Wonder Woman 1984 is an ungainly sequel to the 2017 smash-hit

Superhero blockbusters are back, but D.C. does little to show us what we’ve supposedly been missing with this lacklustre Wonder Woman sequel, which arrives in Australian cinemas on December 26. Here’s critic Craig Mathieson’s review.

Absence supposedly makes the heart grow fonder, but it can’t save a failing film. Cinemagoers have gone a year without a superhero blockbuster—and in some cases shuttered cinemas—but that can’t excuse this uninspiring comeback. Patty Jenkins’ Wonder Woman 1984 is a frustrating and ill-considered successor to 2017’s decisive debut for Gal Gadot’s Amazonian heroine.

See also
* All new movies in cinemas
* All new streaming movies & series

The film revisits what it got right the first time, notably the graceful authority of its star and its belief in the nobility of her mission—but few of the ideas added to this ungainly mix advance the character or her place in the comic book movie realm. The story lurches from scene to scene, with the cast doing their best to distract you.
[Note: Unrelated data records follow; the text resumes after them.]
Lemma sumw_select_le {A} (q : relem A -> Prop) (s : list (relem A * R)) (I : list bool) :
  nonneg s -> (forall x, In x (select I s) -> q (fst x)) ->
  sumw (select I s) <= sum_weights q s.
Proof.
  revert I; induction s as [|p s IH]; intros I N H; [destruct I as [|[] I]; simpl; lra|].
  assert (0 <= snd p) by (apply N; left; reflexivity).
  pose proof (sum_weights_ge0 q s (nonneg_tail _ _ N)).
  destruct I as [|[] I]; simpl in *.
  - destruct (decP _); lra.
  - rewrite decP_t by (apply H; left; reflexivity).
    assert (sumw (select I s) <= sum_weights q s) by (apply IH; [exact (nonneg_tail _ _ N) | auto]).
    unfold sumw in *; simpl; lra.
  - assert (sumw (select I s) <= sum_weights q s) by (apply IH; [exact (nonneg_tail _ _ N) | auto]).
    destruct (decP _); lra.
Qed.

Lemma select_sat_mask {A} (q : relem A -> Prop) (s : list (relem A * R)) :
  let I := map (fun p => decP (q (fst p))) s in
  sumw (select I s) = sum_weights q s /\ forall x, In x (select I s) -> q (fst x).
Proof.
  induction s as [|p s [Hsum Hq]]; simpl; [split; [reflexivity | intros x []]|].
  destruct (classic (q (fst p))) as [Hp|Hp].
  - rewrite (decP_t _ Hp); simpl; split; [unfold sumw in *; simpl; lra|].
    intros x [<-|Hx]; auto.
  - rewrite (decP_f _ Hp); simpl; split; [lra | exact Hq].
Qed.

Lemma In_masks (n : nat) (m : list bool) : length m = n -> In m (masks n).
Proof.
  revert m; induction n as [|n IH]; intros [|b m] Hm; simpl in *; try discriminate; auto.
  injection Hm as Hm; apply in_or_app.
  destruct b; [left|right]; apply in_map, IH, Hm.
Qed.

Lemma sat_freduct_tr_sub {A} (Y Z : lset A) (P : R -> Prop) (s : list (relem A * R)) :
  (forall x y, P x -> x <= y -> P y) -> nonneg s ->
  sat Y (freduct Z (tr_sub P s)) <->
  P (sum_weights (fun e => sat Y (freduct Z (elem_formula e))) s).
Proof.
  intros Pmono N; unfold tr_sub; rewrite freduct_bigdisj, sat_bigdisj, map_map.
  set (q := fun e => sat Y (freduct Z (elem_formula e))).
  split.
  - intros [F [HF HS]]; apply in_map_iff in HF; destruct HF as [I [<- HI]].
    apply filter_In in HI as [_ HP]; apply (proj1 (decP_true _)) in HP.
    apply (Pmono _ _ HP), sumw_select_le; [exact N|].
    intros x Hx; rewrite freduct_bigconj, sat_bigconj in HS; apply HS.
    rewrite !map_map; apply in_map_iff; exists x; auto.
  - intros HP; destruct (select_sat_mask q s) as [Hsum Hq].
    set (I := map (fun p => decP (q (fst p))) s) in *.
    exists (freduct Z (bigconj (map elem_formula (map fst (select I s))))); split.
    + apply in_map_iff; exists I; split; [reflexivity|].
      apply filter_In; split; [apply In_masks; unfold I; apply length_map|].
      apply decP_true; rewrite Hsum; exact HP.
    + rewrite freduct_bigconj, sat_bigconj, !map_map; intros F HF.
      apply in_map_iff in HF; destruct HF as [x [<- Hx]]; exact (Hq x Hx).
Qed.

(* Positive elements are judged by Y, negative ones by Z: this is where L^Z comes from. *)
Lemma sum_weights_freduct {A} (Y Z : lset A) (s : list (relem A * R)) :
  sum_weights (fun e => sat Y (freduct Z (elem_formula e))) s
  = pos_sum Y (pos_part s) + neg_sum Z s.
Proof.
  induction s as [|[[l|l] w] s IH]; simpl in *; [lra | |].
  - rewrite IH; destruct (decP (Y l)); lra.
  - rewrite IH; change (sat Y (if decP (Z l) then FBot else FTop))
      with (sat Y (freduct Z (FNot (FLit l)))).
    rewrite (decP_iff _ _ (sat_freduct_not Y Z (FLit l))).
    simpl; lra.
Qed.

Lemma sat_tr_lt_hi {A} (Z : lset A) (C : wconstr A) : nonneg (elems C) ->
  sat Z (tr_lt_hi C) <-> match hi C with None => False | Some U => U < wsum Z (elems C) end.
Proof.
  intros N; rewrite <- sat_freduct_self; unfold tr_lt_hi.
  rewrite sat_freduct_tr_sub by (auto; intros x y; destruct (hi C); lra).
  rewrite (sum_weights_ext _ (esat Z)); [tauto|].
  intros [l|l]; rewrite sat_freduct_self; simpl; tauto.
Qed.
The setting moves from 1918 to 1984, avoiding the contemporary years covered in the Snyder shenanigans of the Justice League group chat. Working at the Smithsonian Museum in Washington D.C. as Diana Prince, the title character cleans up crime on the side and still holds a torch for her one and only love, aviator Steve Trevor (Chris Pine). This is a somewhat boring and restrictive image for a female superhero, but it allows Diana to be bowed over when a magic rock—yes, a magic rock—helps her inadvertently bring back Steve. It also allows for a nebbish colleague, Barbara Minerva (Kristen Wiig), to grab some of Wonder Woman’s strength, while a sleazy television mogul, Maxwell Lord (Pedro Pascal), sees a way out of his failing Ponzi scheme.

“No true hero is born from lies,” a young and competitive Diana (Lilly Aspell) is told in an early childhood flashback, which sets up a recurring issue: themes are stated with boilerplate simplicity. Words not deeds set the tone, with little here that compares to how the World War I setting of the original movie allowed for a nuanced examination of responsibility, blame and guilt. The dynamic between Gadot and Pine still allows for comedy, but it’s essentially flipping expectation. He’s the newcomer to a strange society and it’s clothing this time, and at certain points the two actors are reduced to open-mouthed wonder as a means of conveying the awe meant to elevate the storytelling.

Wiig is an intriguing choice as an antagonist, but she essentially plays Barbara as one of her Saturday Night Live characters: verbalised embarrassment, nervous admissions and the coda of soft-spoken acknowledgement. When she begins to transform into Cheetah the power corrupts, and that’s Wiig at her most interesting, but the film can only look at these two women as opposites and then adversaries—a binary that it would have been better to break.

The plot presents a world spinning out of control, the arbitrary mechanism behind it defying even comic book plausibility. The action scenes Jenkins marshals don’t have quite the crispness or the tactile heft of their predecessors. It doesn’t help that set-pieces such as a truck convoy being taken down vehicle by vehicle can only draw comparison to Raiders of the Lost Ark.

Superhero sequels often land with a thud—another Thor: The Dark World is more likely than Captain America: the Winter Soldier. The disparate parts keep pushing the film forward, all the way to a 155 minute running time, but the pleasures are fleeting and the flaws noticeable (the period costume design, for example, is ludicrously blunt). Pascal’s scenery chewing performance feels right for the character’s ambition and greed, but it’s undercut by some parenting angst that builds to a shameless finale.

That also adds to the sense that Wonder Woman is intermittently sidelined in her own film, even if the intention of serving the ensemble is noble. “Why not more?” the avaricious Lord keeps urging his viewers, and that should be the message ultimately conveyed by Wonder Woman 1984. Superhero movies need to be better than this.